Answer:
Let's express each expression as a product:
1) \( \sin(a - \frac{2\pi}{3}) - \sin(a + \frac{2\pi}{3}) \)
Using the identity \( \sin(A - B) - \sin(A + B) = -2\sin(B)\cos(A) \):
\( -2\sin(\frac{2\pi}{3})\cos(a) \)
\( -2\left(\frac{\sqrt{3}}{2}\right)\cos(a) \)
\( -\sqrt{3}\cos(a) \)
2) \( \sin(a + b) + \sin(a - b) \)
Using the identity \( \sin(A + B) + \sin(A - B) = 2\sin(A)\cos(B) \):
\( 2\sin(a)\cos(b) \)
3) \( \cos(2a - \frac{\pi}{16}) + \cos(\frac{9\pi}{16} - 2a) \)

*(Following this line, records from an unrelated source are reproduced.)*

(* Let $f\colon\mathbb{F}_2^n\times\mathbb{F}_2^d\to\mathbb{F}_2^r$ be a strong, linear, lossless condenser for min-entropy $m$ with error $\epsilon$, and for each seed $u$ let $H_u$ be the $r\times n$ matrix with $f(x,u)=H_ux$ and $\mathcal{C}_u:=\{x\in\mathbb{F}_2^n:H_ux=0\}$. Let $\mathcal{Z}$ be a flat distribution on $\mathbb{F}_2^n$ with entropy $m$. Then for at least a $1-2\sqrt{\epsilon}$ fraction of the choices of $u\in\mathbb{F}_2^d$, we have $\mathcal{E}(\mathcal{C}_u,\mathcal{Z})\le\sqrt{\epsilon}$.
   Context: Statistical distance is half the $\ell_1$ distance. A flat distribution of entropy $m$ is the uniform distribution on a set of size $2^m$. $f$ is a strong lossless condenser for min-entropy $m$ with error $\epsilon$ if for every distribution $\mathcal{X}$ on $\mathbb{F}_2^n$ with min-entropy at least $m$ (all probabilities at most $2^{-m}$), $X\sim\mathcal{X}$, and independent uniform $U\in\mathbb{F}_2^d$, $(U,f(X,U))$ is within statistical distance $\epsilon$ of some distribution $(\mathcal{U}_d,\mathcal{Y})$ of min-entropy at least $d+m$; linear means $f(\cdot,u)$ is linear for each $u$. Consider the additive noise channel which, on input $x\in\mathbb{F}_2^n$, outputs $x+z$ with $z\sim\mathcal{Z}$ independent of $x$. The brute-force decoder for $\mathcal{C}_u$, given $\hat{y}$, finds a codeword $y\in\mathcal{C}_u$ and $z\in\mathrm{supp}(\mathcal{Z})$ with $\hat{y}=y+z$ and outputs $y$ (with arbitrary choice among several such $y$, and an arbitrary codeword if none exists). $\mathcal{E}(\mathcal{C}_u,\mathcal{Z})$ denotes its error probability, which we take to be $\max_{x\in\mathcal{C}_u}\Pr_{z\sim\mathcal{Z}}[\exists x'\in\mathcal{C}_u,\exists z'\in\mathrm{supp}(\mathcal{Z})\setminus\{z\}: x+z=x'+z']$ (the probability that the decoder may fail to output the transmitted codeword). *)

From mathcomp Require Import all_boot all_order all_algebra.
Set Implicit Arguments. Unset Strict Implicit. Unset Printing Implicit Defensive.
Import Order.TTheory GRing.Theory Num.Theory.
Local Open Scope ring_scope.

Definition is_distr (R : numDomainType) (T : finType) (P : T -> R) : Prop :=
  (forall t, 0 <= P t) /\ \sum_t P t = 1.

Definition min_entropy_ge (R : numFieldType) (T : finType) (P : T -> R) (k : nat) : Prop :=
  forall t, P t <= (2 ^+ k)^-1.

Definition stat_dist (R : numDomainType) (T : finType) (P Q : T -> R) : R :=
  2^-1 * \sum_t `|P t - Q t|.

(* distribution of (U, f(X,U)) with U uniform on F_2^d independent of X *)
Definition seed_output_distr (R : numFieldType) (n d r : nat)
  (f : 'cV['F_2]_n -> 'cV['F_2]_d -> 'cV['F_2]_r) (X : 'cV['F_2]_n -> R)
  : 'cV['F_2]_d * 'cV['F_2]_r -> R :=
  fun p => (2 ^+ d)^-1 * \sum_(x | f x p.1 == p.2) X x.

Definition strong_lossless_condenser (R : numFieldType) (n d r : nat)
  (f : 'cV['F_2]_n -> 'cV['F_2]_d -> 'cV['F_2]_r) (m : nat) (eps : R) : Prop :=
  forall X : 'cV['F_2]_n -> R, is_distr X -> min_entropy_ge X m ->
  exists Y : 'cV['F_2]_d * 'cV['F_2]_r -> R,
    [/\ is_distr Y,
        (forall u, \sum_y Y (u, y) = (2 ^+ d)^-1),
        min_entropy_ge Y (d + m)
      & stat_dist (seed_output_distr f X) Y <= eps].

Definition linear_seeded (n d r : nat)
  (f : 'cV['F_2]_n -> 'cV['F_2]_d -> 'cV['F_2]_r) : Prop :=
  forall u, (forall x y, f (x + y) u = f x u + f y u) /\
            (forall (a : 'F_2) x, f (a *: x) u = a *: f x u).

(* uniform distribution on S (flat; entropy m when #|S| = 2^m) *)
Definition flat_distr (R : numFieldType) (T : finType) (S : {set T}) : T -> R :=
  fun t => if t \in S then (#|S|%:R)^-1 else 0.

Definition code_of (n d r : nat) (H : 'cV['F_2]_d -> 'M['F_2]_(r, n)) (u : 'cV['F_2]_d)
  : {set 'cV['F_2]_n} := [set x | H u *m x == 0].

(* error probability of the brute-force decoder for code C under additive noise Z:
   max over x in C of Pr_{z ~ Z}[exists x' in C, z' in supp Z \ {z}, x+z = x'+z'] *)
Definition error_prob (R : realDomainType) (n : nat) (C : {set 'cV['F_2]_n})
  (Z : 'cV['F_2]_n -> R) : R :=
  \big[Num.max/0]_(x in C)
     \sum_(z | [exists x' in C, exists z',
                  [&& Z z' != 0, z' != z & x + z == x' + z']]) Z z.

(* The flat source X on S has min-entropy m, so the condenser output P(u, y) =
   #|{z in S | H_u z = y}| / 2^(d+m) is eps-close to some Y whose masses are all at
   most 2^-(d+m).  Every z in S that collides with another z' in S under H_u lies in
   a fibre of size at least 2, where P exceeds Y by at least half of P; hence the
   collision fractions e_u of S satisfy avg_u e_u <= 2 eps.  The decoder can only fail
   on a colliding noise vector, so its error is at most e_u, and Markov's inequality
   gives e_u <= sqrt eps for all but a 2 sqrt eps fraction of the seeds. *)
From mathcomp Require Import all_boot all_order all_algebra.
From mathcomp Require Import ring lra.
Import Order.TTheory GRing.Theory Num.Theory.
Set Implicit Arguments. Unset Strict Implicit.
Local Open Scope ring_scope.

Lemma sum_flat_distr (R : numFieldType) (T : finType) (S : {set T}) (p : pred T) :
  \sum_(x | p x) flat_distr R S x = #|[set x in S | p x]|%:R / #|S|%:R.
Proof.
rewrite big_mkcond /= mulr_natl -sumr_const [in RHS]big_mkcond /=.
by apply: eq_bigr => x _; rewrite /flat_distr inE; case: (x \in S); case: (p x).
Qed.

Lemma flat_distr_is_distr (R : numFieldType) (T : finType) (S : {set T}) :
  S != set0 -> is_distr (flat_distr R S).
Proof.
move=> S0; split=> [t|].
  by rewrite /flat_distr; case: ifP => // _; rewrite invr_ge0 ler0n.
rewrite (eq_bigl xpredT) // sum_flat_distr.
have -> : #|[set x in S | xpredT x]| = #|S| by apply: eq_card => x; rewrite inE andbT.
by rewrite mulfV // pnatr_eq0 -lt0n card_gt0.
Qed.

Lemma flat_distr_min_entropy (R : numFieldType) (T : finType) (S : {set T}) (m : nat) :
  #|S| = (2 ^ m)%N -> min_entropy_ge (flat_distr R S) m.
Proof.
move=> cardS t; rewrite /flat_distr cardS natrX.
by case: ifP => _ //; rewrite invr_ge0 exprn_ge0.
Qed.

Lemma stat_distE (R : realFieldType) (T : finType) (P Q : T -> R) :
  \sum_t P t = \sum_t Q t -> stat_dist P Q = \sum_t Num.max (P t - Q t) 0.
Proof.
move=> PQ; have normE (a : R) : `|a| = 2 * Num.max a 0 - a.
  by rewrite maxEle; case: leP => ha; [rewrite ler0_norm // | rewrite gtr0_norm //]; lra.
rewrite /stat_dist (eq_bigr _ (fun t _ => normE _)) sumrB -mulr_sumr sumrB PQ subrr.
by rewrite subr0 mulrA mulVf ?pnatr_eq0 // mul1r.
Qed.

Lemma stat_dist_ge0 (R : numFieldType) (T : finType) (P Q : T -> R) :
  0 <= stat_dist P Q.
Proof. by rewrite mulr_ge0 ?invr_ge0 ?ler0n // sumr_ge0. Qed.

Lemma sum_prod_curry (R : nmodType) (I J : finType) (F : I * J -> R) :
  \sum_p F p = \sum_i \sum_j F (i, j).
Proof. by rewrite pair_big; apply: eq_bigr => -[]. Qed.

Lemma card_colvec_F2 d : #|{: 'cV['F_2]_d}| = (2 ^ d)%N.
Proof. by rewrite card_mx card_Fp // muln1. Qed.

Lemma sum_seed_output_distr (R : numFieldType) (n d r : nat)
    (f : 'cV['F_2]_n -> 'cV['F_2]_d -> 'cV['F_2]_r) (X : 'cV['F_2]_n -> R) :
  is_distr X -> \sum_p seed_output_distr f X p = 1.
Proof.
case=> _ sumX; rewrite sum_prod_curry.
transitivity (\sum_(u : 'cV['F_2]_d) (2 ^+ d : R)^-1).
  apply: eq_bigr => u _; rewrite -mulr_sumr -[RHS]mulr1 -sumX.
  by rewrite [X in _ = _ * X](partition_big (fun x => f x u) xpredT).
rewrite sumr_const -[#|_|]/#|{: 'cV['F_2]_d}| card_colvec_F2 -(mulr_natr _ (2 ^ d)) natrX.
by rewrite mulVf // expf_neq0 // pnatr_eq0.
Qed.

Definition collisions (n r : nat) (A : 'M['F_2]_(r, n)) (S : {set 'cV['F_2]_n}) :=
  [set z in S | [exists z' in S, (z' != z) && (A *m z' == A *m z)]].

Section Collisions.

Variables (n r : nat) (A : 'M['F_2]_(r, n)) (S : {set 'cV['F_2]_n}).

Lemma error_prob_flat_le (R : realFieldType) :
  error_prob [set x | A *m x == 0] (flat_distr R S) <= #|collisions A S|%:R / #|S|%:R.
Proof.
have ratio_ge0 : 0 <= #|collisions A S|%:R / #|S|%:R :> R.
  by rewrite divr_ge0 ?ler0n.
apply: bigmax_le => // x xC; rewrite sum_flat_distr ler_wpM2r ?invr_ge0 ?ler0n //.
rewrite ler_nat; apply/subset_leq_card/subsetP => z.
rewrite !inE => /andP[zS /existsP[x' /andP[x'C /existsP[z' /and3P[Zz' z'z e]]]]].
have z'S : z' \in S by move: Zz'; rewrite /flat_distr; case: (z' \in S); rewrite ?eqxx.
rewrite zS; apply/existsP; exists z'; rewrite z'S z'z /=.
move: xC x'C; rewrite !inE => /eqP Ax /eqP Ax'.
by move/eqP: e => /(congr1 (mulmx A)); rewrite !mulmxDr Ax Ax' !add0r => ->.
Qed.

Lemma sum_card_fibres (B : {set 'cV['F_2]_n}) :
  (\sum_y #|[set z in B | A *m z == y]|)%N = #|B|.
Proof.
rewrite -sum1_card (partition_big (fun z => A *m z) xpredT) //=.
by apply: eq_bigr => y _; rewrite -sum1_card; apply: eq_bigl => z; rewrite inE.
Qed.

Lemma collisions_fibre_le y :
  (#|[set z in collisions A S | A *m z == y]| <= #|[set z in S | A *m z == y]|)%N.
Proof.
by apply/subset_leq_card/subsetP => z; rewrite !inE => /andP[/andP[-> _] ->].
Qed.

Lemma collisions_fibre_gt0 y :
  (0 < #|[set z in collisions A S | A *m z == y]| ->
   1 < #|[set z in S | A *m z == y]|)%N.
Proof.
case/card_gt0P => z; rewrite !inE.
case/andP => /andP[zS /existsP[z' /andP[z'S /andP[z'z e]]]] /eqP Az.
apply: (@leq_trans #|[set z'; z]|); first by rewrite cards2 z'z.
apply/subset_leq_card/subsetP => w.
by rewrite !inE => /orP[]/eqP->; rewrite ?z'S ?zS ?(eqP e) ?Az eqxx.
Qed.

End Collisions.

Lemma fibre_excess (R : realFieldType) (K b : R) (c k : nat) :
  0 <= K -> b <= K -> (k <= c)%N -> (0 < k -> 1 < c)%N ->
  K * k%:R / 2 <= Num.max (K * c%:R - b) 0.
Proof.
move=> K0 bK kc kc2; rewrite le_max; apply/orP.
case: (posnP k) => [->|k0]; first by right; rewrite mulr0 mul0r.
left; have c2 : 2 <= c%:R :> R by rewrite (ler_nat R 2) kc2.
have : k%:R <= c%:R :> R by rewrite ler_nat.
nra.
Qed.

Lemma markov_card (R : realFieldType) (T : finType) (G : {set T}) (e : T -> R) (a s : R) :
  0 <= a -> 0 <= s -> (forall t, 0 <= e t) -> (forall t, t \notin G -> s < e t) ->
  \sum_t e t <= a * s ^+ 2 * #|T|%:R -> (1 - a * s) * #|T|%:R <= #|G|%:R.
Proof.
move=> a0 s0 e0 bad sum_e.
have cardG : #|G|%:R = #|T|%:R - #|~: G|%:R :> R by rewrite -(cardsC G) natrD addrK.
have [G_full|] := eqVneq (~: G) set0.
  by rewrite cardG G_full cards0 subr0 ler_piMl ?ler0n // lerBlDr lerDl mulr_ge0.
case/set0Pn => t0 t0G.
have markov : #|~: G|%:R * s < \sum_t e t.
  rewrite mulr_natl -sumr_const [X in _ < X](bigID (fun t => t \in ~: G)) /=.
  apply: ltr_wpDr; first exact: sumr_ge0.
  apply: ltr_sum => [|t]; first by apply/hasP; exists t0; rewrite ?mem_index_enum.
  by rewrite inE => /bad.
have {markov}sum_bound := lt_le_trans markov sum_e.
rewrite cardG; have [s0_eq|s_neq0] := eqVneq s 0.
  by move: sum_bound; rewrite s0_eq expr0n /= !mulr0 mul0r ltxx.
have s_gt0 : 0 < s by rewrite lt0r s_neq0.
nra.
Qed.

Section LinearCondenser.

Variables (R : realFieldType) (n d r m : nat).
Variables (f : 'cV['F_2]_n -> 'cV['F_2]_d -> 'cV['F_2]_r) (H : 'cV['F_2]_d -> 'M['F_2]_(r, n)).
Variable S : {set 'cV['F_2]_n}.
Hypotheses (fH : forall x u, f x u = H u *m x) (cardS : #|S| = (2 ^ m)%N).

Let K : R := (2 ^+ (d + m))^-1.

Lemma seed_output_flat u y :
  seed_output_distr f (flat_distr R S) (u, y) = K * #|[set z in S | H u *m z == y]|%:R.
Proof.
rewrite /seed_output_distr /= (eq_bigl (fun x => H u *m x == y)) => [|x]; last by rewrite fH.
by rewrite sum_flat_distr cardS natrX /K exprD invfM mulrA [RHS]mulrAC.
Qed.

Lemma collisions_le_stat_dist (Y : 'cV['F_2]_d * 'cV['F_2]_r -> R) :
  is_distr Y -> min_entropy_ge Y (d + m) ->
  \sum_u K * #|collisions (H u) S|%:R / 2
    <= stat_dist (seed_output_distr f (flat_distr R S)) Y.
Proof.
move=> [_ sumY] minY; have S0 : S != set0 by rewrite -card_gt0 cardS expn_gt0.
rewrite stat_distE; last by rewrite sumY (sum_seed_output_distr _ (flat_distr_is_distr R S0)).
rewrite sum_prod_curry; apply: ler_sum => u _.
rewrite -(sum_card_fibres (H u) (collisions (H u) S)) natr_sum mulr_sumr mulr_suml.
apply: ler_sum => y _; rewrite seed_output_flat.
apply: fibre_excess; [by rewrite invr_ge0 exprn_ge0 | exact: minY |
  exact: collisions_fibre_le | exact: collisions_fibre_gt0].
Qed.

Lemma sum_collision_fraction_le (Y : 'cV['F_2]_d * 'cV['F_2]_r -> R) :
  is_distr Y -> min_entropy_ge Y (d + m) ->
  \sum_u #|collisions (H u) S|%:R / #|S|%:R
    <= 2 * 2 ^+ d * stat_dist (seed_output_distr f (flat_distr R S)) Y.
Proof.
move=> dY minY; have D0 : (0 : R) < 2 ^+ d by rewrite exprn_gt0.
have -> : \sum_u #|collisions (H u) S|%:R / #|S|%:R
          = 2 * 2 ^+ d * \sum_u K * #|collisions (H u) S|%:R / 2.
  rewrite mulr_sumr; apply: eq_bigr => u _; rewrite /K cardS natrX exprD; field.
  by rewrite !expf_neq0 ?pnatr_eq0.
by rewrite ler_pM2l ?mulr_gt0 // collisions_le_stat_dist.
Qed.

End LinearCondenser.

Theorem mainTheorem17 (R : rcfType) (n d r m : nat) (eps : R)
  (f : 'cV['F_2]_n -> 'cV['F_2]_d -> 'cV['F_2]_r)
  (H : 'cV['F_2]_d -> 'M['F_2]_(r, n)) (S : {set 'cV['F_2]_n}) :
  strong_lossless_condenser f m eps ->
  linear_seeded f ->
  (forall x u, f x u = H u *m x) ->
  #|S| = (2 ^ m)%N ->
  1 - 2 * Num.sqrt eps <=
    #|[set u : 'cV['F_2]_d |
        error_prob (code_of H u) (flat_distr R S) <= Num.sqrt eps]|%:R / 2 ^+ d.
Proof.
(* Linearity of [f] is already implied by [f x u = H u *m x]. *)
move=> cond _ fH cardS.
have S0 : S != set0 by rewrite -card_gt0 cardS expn_gt0.
have [Y [dY _ minY close]] :=
  cond _ (flat_distr_is_distr R S0) (flat_distr_min_entropy R cardS).
have eps0 : 0 <= eps := le_trans (stat_dist_ge0 _ _) close.
have D0 : (0 : R) < 2 ^+ d by rewrite exprn_gt0.
have collision_mass : \sum_u #|collisions (H u) S|%:R / #|S|%:R
             <= 2 * Num.sqrt eps ^+ 2 * #|{: 'cV['F_2]_d}|%:R.
  rewrite sqr_sqrtr // card_colvec_F2 natrX mulrAC.
  by rewrite (le_trans (sum_collision_fraction_le fH cardS dY minY)) // ler_pM2l ?mulr_gt0.
rewrite ler_pdivlMr // -natrX -card_colvec_F2.
apply: markov_card collision_mass => //.
- by rewrite sqrtr_ge0.
- by move=> u; rewrite divr_ge0 ?ler0n.
- move=> u; rewrite inE -ltNge => bad.
  exact: lt_le_trans bad (error_prob_flat_le _ _ _).
Qed.
(* R J R^t has zero derivative a.e. and equals J at t = 0. *)
Lemma solution_rowform t : inI tau t -> rowform m (Rm t).
Proof.
  intros Ht i j Hi Hj.
  set (g := fun r => sum_f_R0 (fun k => Jsign k * Rm r i k * Rm r j k) m).
  assert (Hg0 : g 0 = Jmat i j).
  { unfold g. rewrite <- sign_Imat, <- (sum_delta (fun k => Jsign k * Imat k j) i m Hi).
    apply sum_eq. intros k Hk. rewrite !HR0 by auto. unfold Imat.
    destruct (Nat.eqb_spec i k), (Nat.eqb_spec j k), (Nat.eqb_spec k j);
      subst; try lia; ring. }
  change (g t = Jmat i j). rewrite <- Hg0. apply (AC_deriv0 tau g N); auto.
  - apply (AC_sum tau (fun k r => Jsign k * Rm r i k * Rm r j k)).
    intros k Hk. apply AC_mult; [apply AC_scal|]; apply HR; auto.
  - intros r Hr HNr. destruct (HAE r Hr HNr) as [_ Hd].
    eapply deriv_l_eq; [|exact (deriv_alg m (Rm r) (u r) x0 i j Hi Hj)].
    apply (deriv_sum (fun k q => Jsign k * Rm q i k * Rm q j k)). intros k Hk.
    eapply deriv_l_eq.
    + apply derivable_pt_lim_mult; [|apply Hd; auto].
      apply derivable_pt_lim_mult; [apply derivable_pt_lim_const|apply Hd; auto].
    + cbv beta. ring.
Qed.

Lemma solution_colform t : inI tau t -> colform m (Rm t).
Proof. intros Ht. apply row_GL_col; [apply solution_rowform|apply HGL]; auto. Qed.

(* R(t) stays in O^{++}: it lies in O_1(m+1), and the continuous quantities
   R_00 (with R_00^2 >= 1) and det R_S (nonzero) keep their sign from t = 0,
   where R = I. *)
Lemma solution_Opp t : inI tau t -> Opp m (Rm t).
Proof.
  intros Ht. assert (H0 : inI tau 0) by (destruct Ht; split; lra).
  split; [apply col_O1, solution_colform; auto|split].
  - apply (sign_persist tau (fun t => Rm t O O)); auto.
    + apply HR; lia.
    + intros r Hr E. pose proof (row_T00 m _ (solution_rowform r Hr)). rewrite E in H. lra.
    + rewrite HR0 by lia. unfold Imat. simpl. lra.
  - apply (sign_persist tau (fun t => det m (blockS (Rm t)))); auto.
    + apply (AC_det tau m (fun t => blockS (Rm t))). intros i j Hi Hj. apply HR; lia.
    + intros r Hr. apply row_det_nz, solution_rowform; auto.
    + rewrite det_at_I; auto. lra.
Qed.
(* Let $\Sigma$ be a language consisting only of $0$-ary predicate symbols, unary predicate symbols and constant symbols, and let $\mathcal{T}_\Sigma$ be the family of all complete theories in $\Sigma$. If $\Sigma$ consists of finitely many symbols, then ${\rm RS}(\mathcal{T}_\Sigma)$ is finite (a natural number). If $\Sigma$ has infinitely many symbols, then ${\rm RS}(\mathcal{T}_\Sigma)=\infty$.
   Context: Theories are complete consistent first-order theories; structures have nonempty universes. $\mathcal{T}_\Sigma$ is the family of complete theories of all $\Sigma$-structures, where each constant symbol $c$ may be regarded as a unary predicate $R_c$ interpreted as $\{c\}$. For a family $\mathcal{T}$ of theories and a sentence $\varphi$ of its language, $\mathcal{T}_\varphi=\{T\in\mathcal{T}\mid\varphi\in T\}$. The rank ${\rm RS}$ of a family is defined as follows: ${\rm RS}(\emptyset)=-1$; ${\rm RS}(\mathcal{T})=0$ for finite nonempty $\mathcal{T}$; ${\rm RS}(\mathcal{T})\ge 1$ for infinite $\mathcal{T}$; for $\alpha=\beta+1$, ${\rm RS}(\mathcal{T})\ge\alpha$ iff there are pairwise inconsistent sentences $\varphi_n$, $n\in\omega$, of the language of $\mathcal{T}$ with ${\rm RS}(\mathcal{T}_{\varphi_n})\ge\beta$ for all $n$; for limit $\alpha$, ${\rm RS}(\mathcal{T})\ge\alpha$ iff ${\rm RS}(\mathcal{T})\ge\beta$ for all $\beta<\alpha$; ${\rm RS}(\mathcal{T})=\alpha$ iff ${\rm RS}(\mathcal{T})\ge\alpha$ and not ${\rm RS}(\mathcal{T})\ge\alpha+1$; ${\rm RS}(\mathcal{T})=\infty$ if ${\rm RS}(\mathcal{T})\ge\alpha$ for every ordinal $\alpha$. *)

(* First-order logic (with equality) over a language Sigma
   consisting of 0-ary predicate symbols (indexed by P0), unary predicate
   symbols (indexed by P1) and constant symbols (indexed by C). *)
From Stdlib Require Import List.
Import ListNotations.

Using the identity \( \cos(A - B) + \cos(A + B) = 2\cos(A)\cos(B) \):
\( 2\cos\left(\frac{\pi}{32}\right)\cos\left(2a - \frac{7\pi}{32}\right) \)
4) \( 1 - \cos(a) \)
This is already a product: \( (1)(1) - (\cos(a)) \)
5) \( 1 + \sin(a) \)
This is already a product: \( (1)(1) + (\sin(a)) \)
6) \( 1 - 2\cos^2(a) \)
Using the identity \( \cos^2(A) = 1 - \sin^2(A) \):
\( 1 - 2(1 - \sin^2(a)) \)
\( 1 - 2 + 2\sin^2(a) \)
\( 2\sin^2(a) - 1 \)
7) \( \sin(4b) + \sin(10b) + \sin(22b) + \sin(16b) \)
These terms cannot be expressed as a simple product.